BOSTON (WHDH) - The Massachusetts Department of Public Health confirmed that a third person has died from Eastern Equine Encephalitis, leaving residents concerned throughout the Bay State.

Officials announced the third fatality on Monday night, identifying them only as a resident of Hampden County.

This marked the second EEE death within the past week. Jim Longworth, 78, of Freetown, passed away on Friday after contracting the virus.

“Within less than 24 hours, he went into a coma,” a family member told 7NEWS. “He took all the precautions and it happened to him.”

Earlier this summer, 59-year-old Laurie Sylvia, of Fairhaven, also died due to the virus.

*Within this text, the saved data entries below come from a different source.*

(* Let $M=(S,\mathrm{Act},P)$ be an MDP, $T\subseteq S$, $\mathrm{opt}\in\{\min,\max\}$, $r$ the least fixed point of $\tilde D^{\mathrm{opt}}$, $Z=\{s\in S\mid\Pr^{\mathrm{opt}}_s(\Diamond T)=0\}$, and $\sigma$ a strategy with $\Pr^\sigma_s(\Diamond T)=\Pr^{\mathrm{opt}}_s(\Diamond T)$ for all $s\in S$. For $s\in S$ let $z(s)$ be the probability, in the Markov chain induced by $\sigma$ started at $s$, of the set of paths $s_0s_1\ldots$ for which there is $i$ with $s_i\in Z$ and $s_j\notin T$ for all $j<i$. Then for all $s\in S$: $z(s)>0$ implies $r(s)<\infty$.
   Context: An MDP is a tuple $M=(S,\mathrm{Act},P)$ with $S$ finite, $\mathrm{Act}$ finite, $P\colon S\times\mathrm{Act}\times S\to[0,1]$ with $\sum_{s'}P(s,a,s')\in\{0,1\}$; $\mathrm{Act}(s)=\{a\mid\sum_{s'}P(s,a,s')=1\}$ is nonempty for all $s$; $\mathrm{Post}(s,a)=\{s'\mid P(s,a,s')>0\}$. A strategy is $\sigma\colon S\to\mathrm{Act}$ with $\sigma(s)\in\mathrm{Act}(s)$, inducing a Markov chain with transitions $P(s,\sigma(s),\cdot)$; $\Pr^\sigma_s(\Diamond T)$ is the probability of visiting $T$ from $s$ and $\Pr^{\mathrm{opt}}_s(\Diamond T)=\mathrm{opt}_\sigma\Pr^\sigma_s(\Diamond T)$. $\mathbb{N}_\infty=\mathbb{N}\cup\{\infty\}$ with $\infty+1=\infty$. $\tilde D^{\mathrm{opt}}(r)(s)=\infty$ for $s\in T$ and $\mathrm{opt}_{a\in\mathrm{Act}(s)}\big(\min_{s'\in\mathrm{Post}(s,a)}r(s')+[\exists u,v\in\mathrm{Post}(s,a)\colon r(u)\ne r(v)]\big)$ for $s\notin T$ ($[\varphi]\in\{0,1\}$ the Iverson bracket); its least fixed point w.r.t. the pointwise order exists. *)

From HB Require Import structures.
From mathcomp Require Import all_boot all_order all_algebra.
From mathcomp Require Import classical_sets boolp reals.
Set Implicit Arguments. Unset Strict Implicit. Unset Printing Implicit Defensive.
Import Order.TTheory GRing.Theory Num.Theory.
Local Open Scope ring_scope.

(** Extended naturals N_oo = nat + {oo}; [None] is oo. *)
Definition ninf := option nat.
Definition ninf_le (x y : ninf) : bool :=
  match x, y with
  | _, None => true
  | None, Some _ => false
  | Some m, Some n => (m <= n)%N
  end.
Definition ninf_add1 (x : ninf) (b : bool) : ninf :=
  match x with None => None | Some n => Some (n + b)%N end.
Definition ninf_min (x y : ninf) : ninf := if ninf_le x y then x else y.
Definition ninf_max (x y : ninf) : ninf := if ninf_le x y then y else x.

Inductive optT := Omin | Omax.

Section MDP.
Variables (R : realType) (S A : finType).
Variable P : S -> A -> S -> R.

Definition is_mdp : Prop :=
  [/\ (forall s a s', 0 <= P s a s' <= 1),
      (forall s a, \sum_(s' : S) P s a s' = 0 \/ \sum_(s' : S) P s a s' = 1)
    & (forall s, exists a, \sum_(s' : S) P s a s' = 1)].

Definition enabled (s : S) (a : A) : bool := \sum_(s' : S) P s a s' == 1.
Definition Post (s : S) (a : A) : seq S := [seq s' <- enum S | 0 < P s a s'].

Definition strategy (sigma : S -> A) : Prop := forall s, enabled s (sigma s).

Fixpoint reachn (sigma : S -> A) (T : {set S}) (n : nat) (s : S) : R :=
  if s \in T then 1 else
  match n with
  | 0 => 0
  | n'.+1 => \sum_(s' : S) P s (sigma s) s' * reachn sigma T n' s'
  end.

(** Pr^sigma_s(<> T): measure of the increasing union of the events
    "T reached within n steps" *)
Definition PrReach (sigma : S -> A) (T : {set S}) (s : S) : R :=
  sup (range (fun n => reachn sigma T n s)).

Definition PrOpt (opt : optT) (T : {set S}) (s : S) : R :=
  let V := [set x : R | exists sigma, strategy sigma /\ x = PrReach sigma T s]%classic in
  match opt with Omin => inf V | Omax => sup V end.

(** probability, in the chain induced by sigma, of the paths that visit Z
    at some position i while avoiding T at all positions j < i; bounded version *)
Fixpoint untiln (sigma : S -> A) (T : {set S}) (Z : set S) (n : nat) (s : S) : R :=
  if `[< Z s >] then 1 else
  if s \in T then 0 else
  match n with
  | 0 => 0
  | n'.+1 => \sum_(s' : S) P s (sigma s) s' * untiln sigma T Z n' s'
  end.

Definition PrUntil (sigma : S -> A) (T : {set S}) (Z : set S) (s : S) : R :=
  sup (range (fun n => untiln sigma T Z n s)).

Definition Dtilde (opt : optT) (T : {set S}) (r : S -> ninf) (s : S) : ninf :=
  if s \in T then None else
  let val_a a :=
    ninf_add1 (foldr ninf_min None [seq r s' | s' <- Post s a])
              [exists u, exists v, [&& 0 < P s a u, 0 < P s a v & r u != r v]] in
  let acts := [seq a <- enum A | enabled s a] in
  match opt with
  | Omin => foldr (fun a acc => ninf_min (val_a a) acc) None acts
  | Omax => foldr (fun a acc => ninf_max (val_a a) acc) (Some 0%N) acts
  end.

Definition is_lfp (f : (S -> ninf) -> S -> ninf) (r : S -> ninf) : Prop :=
  (forall s, f r s = r s) /\
  (forall r', (forall s, f r' s = r' s) -> forall s, ninf_le (r s) (r' s)).

End MDP.

From HB Require Import structures.
From mathcomp Require Import all_boot all_order all_algebra.
From mathcomp Require Import classical_sets boolp reals.
From mathcomp Require Import zify.
Import Order.TTheory GRing.Theory Num.Theory.
Set Implicit Arguments. Unset Strict Implicit. Unset Printing Implicit Defensive.

(* Let v be the probability of reaching T under sigma. Paths that enter Z
   before T never reach T afterwards, since v vanishes on Z; so z(s) > 0
   forces v(s) < 1. Give every state with v < 1 the rank "number of states of
   strictly smaller value", and rank oo to the states with v = 1 (among them T).
   Optimality of sigma makes v excessive for the relevant actions a at t
   (sigma(t) for min, every enabled action for max): sum_u P(t,a,u) v(u) <= v(t).
   Hence either some successor has a smaller value, hence a smaller rank, or all
   successors have value v(t), hence the same rank. Either way the rank is a
   pre-fixpoint of D^opt, so the least fixpoint r lies below it and r(s) < oo. *)

Section ExtendedNaturals.
Implicit Types x y z : ninf.

Lemma ninf_le_refl x : ninf_le x x.
Proof. by case: x => //= n; rewrite leqnn. Qed.

Lemma ninf_le_trans y x z : ninf_le x y -> ninf_le y z -> ninf_le x z.
Proof. by case: x => [a|]; case: y => [b|]; case: z => [c|] //=; lia. Qed.

Lemma ninf_le_anti x y : ninf_le x y -> ninf_le y x -> x = y.
Proof. by case: x => [a|]; case: y => [b|] //= h1 h2; congr Some; lia. Qed.

Lemma ninf_le_None x : ninf_le x None.
Proof. by case: x. Qed.

Lemma ninf_min_le_l x y : ninf_le (ninf_min x y) x.
Proof.
rewrite /ninf_min; case: ifP => [_|]; first exact: ninf_le_refl.
by case: x => [a|]; case: y => [b|] //=; lia.
Qed.

Lemma ninf_min_le_r x y : ninf_le (ninf_min x y) y.
Proof. by rewrite /ninf_min; case: ifP => // _; exact: ninf_le_refl. Qed.

Lemma ninf_max_le x y z : ninf_le x z -> ninf_le y z -> ninf_le (ninf_max x y) z.
Proof. by rewrite /ninf_max; case: ifP. Qed.

Lemma ninf_min_le2 x x' y y' : ninf_le x x' -> ninf_le y y' ->
  ninf_le (ninf_min x y) (ninf_min x' y').
Proof.
rewrite /ninf_min; case: x => [a|]; case: x' => [a'|]; case: y => [b|];
  case: y' => [b'|] //=; repeat case: ifP => //=; lia.
Qed.

Lemma ninf_max_le2 x x' y y' : ninf_le x x' -> ninf_le y y' ->
  ninf_le (ninf_max x y) (ninf_max x' y').
Proof.
rewrite /ninf_max; case: x => [a|]; case: x' => [a'|]; case: y => [b|];
  case: y' => [b'|] //=; repeat case: ifP => //=; lia.
Qed.

Variable I : eqType.
Implicit Types (f g : I -> ninf) (l : seq I).

Lemma foldr_min_le f l b :
  b \in l -> ninf_le (foldr (fun a => ninf_min (f a)) None l) (f b).
Proof.
elim: l => //= a l IH; rewrite in_cons => /orP [/eqP ->|/IH].
  exact: ninf_min_le_l.
exact/ninf_le_trans/ninf_min_le_r.
Qed.

Lemma foldr_min_attained f l :
  foldr (fun a => ninf_min (f a)) None l = None \/
  exists2 b, b \in l & foldr (fun a => ninf_min (f a)) None l = f b.
Proof.
elim: l => /= [|a l [->|[b bl ->]]]; first by left.
  by right; exists a; rewrite ?mem_head // /ninf_min ninf_le_None.
right; rewrite /ninf_min; case: ifP => _; first by exists a; rewrite ?mem_head.
by exists b; rewrite // in_cons bl orbT.
Qed.

Lemma foldr_min_le2 f g l : (forall a, ninf_le (f a) (g a)) ->
  ninf_le (foldr (fun a => ninf_min (f a)) None l)
          (foldr (fun a => ninf_min (g a)) None l).
Proof. by move=> fg; elim: l => //= a l IH; apply: ninf_min_le2. Qed.

Lemma foldr_max_le2 f g l z : (forall a, ninf_le (f a) (g a)) ->
  ninf_le (foldr (fun a => ninf_max (f a)) z l)
          (foldr (fun a => ninf_max (g a)) z l).
Proof.
by move=> fg; elim: l => /= [|a l IH]; [exact: ninf_le_refl|apply: ninf_max_le2].
Qed.

Lemma foldr_max_le f l z c :
  (forall a, a \in l -> ninf_le (f a) c) -> ninf_le z c ->
  ninf_le (foldr (fun a => ninf_max (f a)) z l) c.
Proof.
elim: l => //= a l IH fc zc; apply: ninf_max_le; first by rewrite fc ?mem_head.
by apply: IH => // b bl; rewrite fc // in_cons bl orbT.
Qed.

End ExtendedNaturals.

Section LeastFixpoint.
Variables (S : finType) (f : (S -> ninf) -> S -> ninf).

Definition ninf_monotone : Prop := forall r1 r2,
  (forall s, ninf_le (r1 s) (r2 s)) -> forall s, ninf_le (f r1 s) (f r2 s).

Definition pre_fixpoint (y : S -> ninf) : Prop := forall s, ninf_le (f y s) (y s).

Definition inf_pre_fixpoints (s : S) : ninf :=
  match pselect (exists k, `[< exists2 y, pre_fixpoint y & y s = Some k >]) with
  | left ex_k => Some (ex_minn ex_k)
  | right _ => None
  end.

Lemma inf_pre_fixpoints_le y s :
  pre_fixpoint y -> ninf_le (inf_pre_fixpoints s) (y s).
Proof.
move=> pre_y; case ys: (y s) => [k|]; last exact: ninf_le_None.
rewrite /inf_pre_fixpoints; case: pselect => [ex_k|[]]; last first.
  by exists k; apply/asboolP; exists y.
by case: ex_minnP => n _ /= -> //; apply/asboolP; exists y.
Qed.

Hypothesis f_mono : ninf_monotone.

Lemma pre_fixpoint_inf : pre_fixpoint inf_pre_fixpoints.
Proof.
move=> s; rewrite {2}/inf_pre_fixpoints; case: pselect => [ex_k|_].
  case: ex_minnP => n /asboolP [y pre_y <-] _.
  apply: ninf_le_trans (pre_y s); apply: f_mono => t.
  exact: inf_pre_fixpoints_le.
exact: ninf_le_None.
Qed.

Lemma lfp_le_pre_fixpoint r y :
  is_lfp f r -> pre_fixpoint y -> forall s, ninf_le (r s) (y s).
Proof.
move=> [_ r_least] pre_y s.
have fix_inf t : f inf_pre_fixpoints t = inf_pre_fixpoints t.
  apply: ninf_le_anti; first exact: pre_fixpoint_inf.
  by apply: inf_pre_fixpoints_le => u; apply/f_mono/pre_fixpoint_inf.
exact: ninf_le_trans (r_least _ fix_inf s) (inf_pre_fixpoints_le s pre_y).
Qed.

End LeastFixpoint.

Local Open Scope ring_scope.

Section Operator.
Variables (R : realType) (S A : finType) (P : S -> A -> S -> R).

Definition act_val (r : S -> ninf) (s : S) (a : A) : ninf :=
  ninf_add1 (foldr ninf_min None [seq r s' | s' <- Post P s a])
            [exists u, exists v, [&& 0 < P s a u, 0 < P s a v & r u != r v]].

Lemma DtildeE opt T r s : Dtilde P opt T r s =
  if s \in T then None else
  let acts := [seq a <- enum A | enabled P s a] in
  match opt with
  | Omin => foldr (fun a => ninf_min (act_val r s a)) None acts
  | Omax => foldr (fun a => ninf_max (act_val r s a)) (Some 0%N) acts
  end.
Proof. by []. Qed.

Lemma mem_Post s a u : (u \in Post P s a) = (0 < P s a u).
Proof. by rewrite mem_filter mem_enum andbT. Qed.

State officials say more than 200 communities are at risk for EEE, including 40 that are at high risk and 35 that are at critical risk.

There have also been more than 400 EEE-positive mosquito samples in the state, along with 10 humans and 8 animals that have contracted the virus, according to the Massachusetts Department of Health and Human Services.

These are the first human cases of EEE reported in the Bay State since 2013.

“We know that this virus changes slightly every once in a while down in Florida, not in Massachusetts and that when one of those new variants is introduced into the state that tends to trigger one of our outbreak cycles,” explained Dr. Catherine Brown, state epidemiologist of the Department of Public Health.

State officials continue to remind residents throughout the Commonwealth to take personal precautions to prevent mosquito bites.